There can be chances of high control risk in the company where internal control
isn’t designed properly. The control may not be applied properly due to
insufficiencies in the circumstances of the business.

DETECTION RISK

Detection risk is a risk where auditors may fail to detect the risk of financial
statements being materially misstated and provide an unmodified opinion. The
auditor performs certain procedures to reduce audit risk to a low level but that
may not always be the case as there is the use of sampling method and even
there is a limitation in auditing and accounting both which affect the audit.

Sampling risk

Sample risk usually risks through the choice of sample. Sometimes auditor may
on basis of check sample and find no fault and give reasonable assurance while
through the missed out documents there may be enormous fraud or error hidden
which auditor may not realize making his opinion inappropriate. In other cases,
it can be auditor checking sample and find faults in all of them and base his
opinion on such judgments while all others documents would be perfectly
correct as per the relevant criteria so here also there is an inappropriate opinion.

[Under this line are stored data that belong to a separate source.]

Definition wave_span (f : d.-tuple R -> R) :=
  exists l : seq (R * R * d.-tuple int), f = fun x => \sum_(r <- l) wave r.1.1 r.1.2 r.2 x.

Lemma wave_span_sum (I : Type) (r : seq I) (F : I -> d.-tuple R -> R) :
  (forall j, wave_span (F j)) -> wave_span (fun x => \sum_(j <- r) F j x).
Proof.
move=> spanF; elim: r => [|j r [l IHr]].
  by exists [::]; apply: funext => x; rewrite !big_nil.
have [l1 Fj] := spanF j; exists (l1 ++ l); apply: funext => x.
by rewrite big_cons big_cat Fj (congr1 (fun f => f x) IHr).
Qed.

Lemma wave_spanZ c f : wave_span f -> wave_span (fun x => c * f x).
Proof.
move=> [l ->]; exists [seq ((c * r.1.1, r.1.2), r.2) | r <- l].
by apply: funext => x; rewrite big_map mulr_sumr; apply: eq_bigr => r _; rewrite /wave mulrA.
Qed.

Definition shift_tuple (k : d.-tuple int) (i : 'I_d) (l : int) : d.-tuple int :=
  [tuple tnth k j + (if j == i then l else 0) | j < d].

Lemma vdot_shift_tuple k i l x :
  vdot (vadd xi (intr_tuple (shift_tuple k i l))) x =
  vdot (vadd xi (intr_tuple k)) x + l%:~R * tnth x i.
Proof.
rewrite /vdot (bigD1 i) //= [in RHS](bigD1 i) //=.
rewrite (eq_bigr (fun j => tnth (vadd xi (intr_tuple k)) j * tnth x j)); last first.
  by move=> j /negbTE ji; rewrite !tnth_mktuple ji addr0.
by rewrite !tnth_mktuple eqxx rmorphD /=; ring.
Qed.

(* Product to sum: [cos A cos C = (cos (A + C) + cos (A - C)) / 2]. *)
Lemma wave_span_mul_cos f i (l : int) b : wave_span f ->
  wave_span (fun x => f x * cos (2 * pi * l%:~R * tnth x i + b)).
Proof.
move=> [L ->].
exists (flatten [seq [:: ((r.1.1 / 2, r.1.2 + b), shift_tuple r.2 i l);
                        ((r.1.1 / 2, r.1.2 - b), shift_tuple r.2 i (- l))] | r <- L]).
apply: funext => x; rewrite big_flatten /= big_map big_distrl /=; apply: eq_bigr => r _.
rewrite !big_cons big_nil addr0 /wave !vdot_shift_tuple /=.
set A := 2 * pi * vdot (vadd xi (intr_tuple r.2)) x; set C := 2 * pi * l%:~R * tnth x i.
rewrite (_ : 2 * pi * (_ + l%:~R * tnth x i) + _ = A + r.1.2 + (C + b)); last first.
  by rewrite /A /C; ring.
rewrite (_ : 2 * pi * (_ + (- l)%:~R * tnth x i) + _ = A + r.1.2 - (C + b)); last first.
  by rewrite /A /C rmorphN /=; ring.
by rewrite [cos (_ + (C + b))]cosD [cos (_ - (C + b))]cosB; field.
Qed.

Lemma wave_span_cos_diff (t : d.-tuple R) :
  wave_span (fun x => cos (2 * pi * \sum_(i < d) tnth xi i * (tnth t i - tnth x i))).
Proof.
exists [:: ((1, - (2 * pi * vdot xi t)), [tuple 0 | i < d])].
apply: funext => x; rewrite big_cons big_nil addr0 /wave mul1r -cosN.
have -> : vdot (vadd xi (intr_tuple [tuple 0 | i < d])) x = vdot xi x.
  by apply: eq_bigr => i _; rewrite !tnth_mktuple addr0.
congr cos; rewrite /vdot (_ : \sum_(i < d) _ * (_ - _) =
    \sum_(i < d) tnth xi i * tnth t i - \sum_(i < d) tnth xi i * tnth x i).
  by rewrite mulrBr opprB.
by rewrite -sumrB; apply: eq_bigr => i _; ring.
Qed.

Lemma wave_span_mul_fejer K f i c : wave_span f ->
  wave_span (fun x => f x * fejer K (tnth x i - c)).
Proof.
move=> span_f.
have -> : (fun x => f x * fejer K (tnth x i - c)) =
  (fun x => \sum_(j < K.+1) \sum_(j' < K.+1) ((K.+1)%:R ^+ 2)^-1 * (f x *
     cos (2 * pi * (j%:Z - j'%:Z)%:~R * tnth x i + - (2 * pi * (j%:R - j'%:R) * c)))).
  apply: funext => x; rewrite /fejer mulrCA !mulr_sumr.
  apply: eq_bigr => j _; rewrite !mulr_sumr; apply: eq_bigr => j' _.
  by rewrite intrB -!pmulrn; congr (_ * (_ * cos _)); ring.
by do 2![apply: wave_span_sum => ?]; apply: wave_spanZ; apply: wave_span_mul_cos.
Qed.

Lemma wave_span_mul_prod_fejer K (r : seq 'I_d) (c : 'I_d -> R) f : wave_span f ->
  wave_span (fun x => f x * \prod_(i <- r) fejer K (tnth x i - c i)).
Proof.
move=> span_f; elim: r => [|i r IHr].
  by under eq_fun do rewrite big_nil mulr1.
under eq_fun do rewrite big_cons mulrCA mulrC.
exact: wave_span_mul_fejer.
Qed.

Definition fejer_test (K : nat) (a : 'I_d -> R) (x : d.-tuple R) : R :=
  \sum_(f : {ffun 'I_d -> 'I_K.+1})
     (\prod_(i < d) fejer K (tnth x i - grid (a i) (f i))) *
     cos (2 * pi * \sum_(i < d) tnth xi i * (grid (a i) (f i) - tnth x i)).

Lemma wave_span_fejer_test K a : wave_span (fejer_test K a).
Proof.
apply: wave_span_sum => f.
have := wave_span_mul_prod_fejer K (index_enum 'I_d) (fun i => grid (a i) (f i))
  (wave_span_cos_diff [tuple grid (a j) (f j) | j < d]).
congr wave_span; apply: funext => x; rewrite mulrC; congr (_ * cos (_ * _)).
by apply: eq_bigr => i _; rewrite tnth_mktuple.
Qed.

Variable nu : probability (d.-tuple R) R.
Hypothesis fourier_vanishes_xi : forall k : d.-tuple int,
  fourier_vanishes nu (vadd xi [tuple (tnth k i)%:~R | i < d]).

Lemma integrable_wave_eq0 a b k :
  nu.-integrable setT (EFin \o wave a b k) /\ Rintegral nu setT (wave a b k) = 0.
Proof.
set w := vadd xi (intr_tuple k); have [int_cos int_sin] := fourier_vanishes_xi k.
have icos := integrable_trig_vdot nu w (@continuous_cos R) (@cos_max R).
have isin := integrable_trig_vdot nu w (@continuous_sin R) (@sin_max R).
have -> : wave a b k = fun x => (a * cos b) * cos (2 * pi * vdot w x) -
                                 (a * sin b) * sin (2 * pi * vdot w x).
  by apply: funext => x; rewrite /wave cosD; ring.
have icos' := integrableZl measurableT (a * cos b) icos.
have isin' := integrableZl measurableT (a * sin b) isin.
split; first exact: (integrableB measurableT icos' isin').
by rewrite RintegralB // !RintegralZl // int_cos int_sin !mulr0 subrr.
Qed.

Sampling risk is a risk on bases of conclusions drawn by an auditor from a few


samples which may not have been same if the entire population was tested.

Non – sampling risk

It can be a risk where auditor’s opinion is inappropriate but the reason being
other than sampling. It can be due to wrong procedures adopted while carrying
out an audit or detecting the audit risk. It can also be due to lack of proper
planning. The auditors may fail to detect material misstatement in the financial
statements.
Conclusion:-

To get the audit risk at low levels the equation:

(IR * CR) * DR = AR

Then left-hand side equation terms to need to have a low level of risk at least
some of them.

If inherent risk and control risk are high the detection risk needs to be low i.e.
auditors may have been able to detect the risk and provide the correct opinion.

In the case where there can be a chance of inherent and control risk to be low
then there are fewer chances of fraud or error to occur in the financial
statements. In such cases even though detection risk may be high the auditor can
still overall achieve a low level of risk and give an appropriate opinion.

The auditor to reduce the risk may perform some risk assessment procedures
and may plan the audit properly by which he may be able to look deeply into
risky areas and detect the audit risk to reduce the overall level of risk.

The auditor may collect as much evidence required and even look for the
reliability of such evidence by confirming with the other party involved. The
auditor shouldn’t provide any opinion until there is any complete surety on his
path to provide reasonable assurance.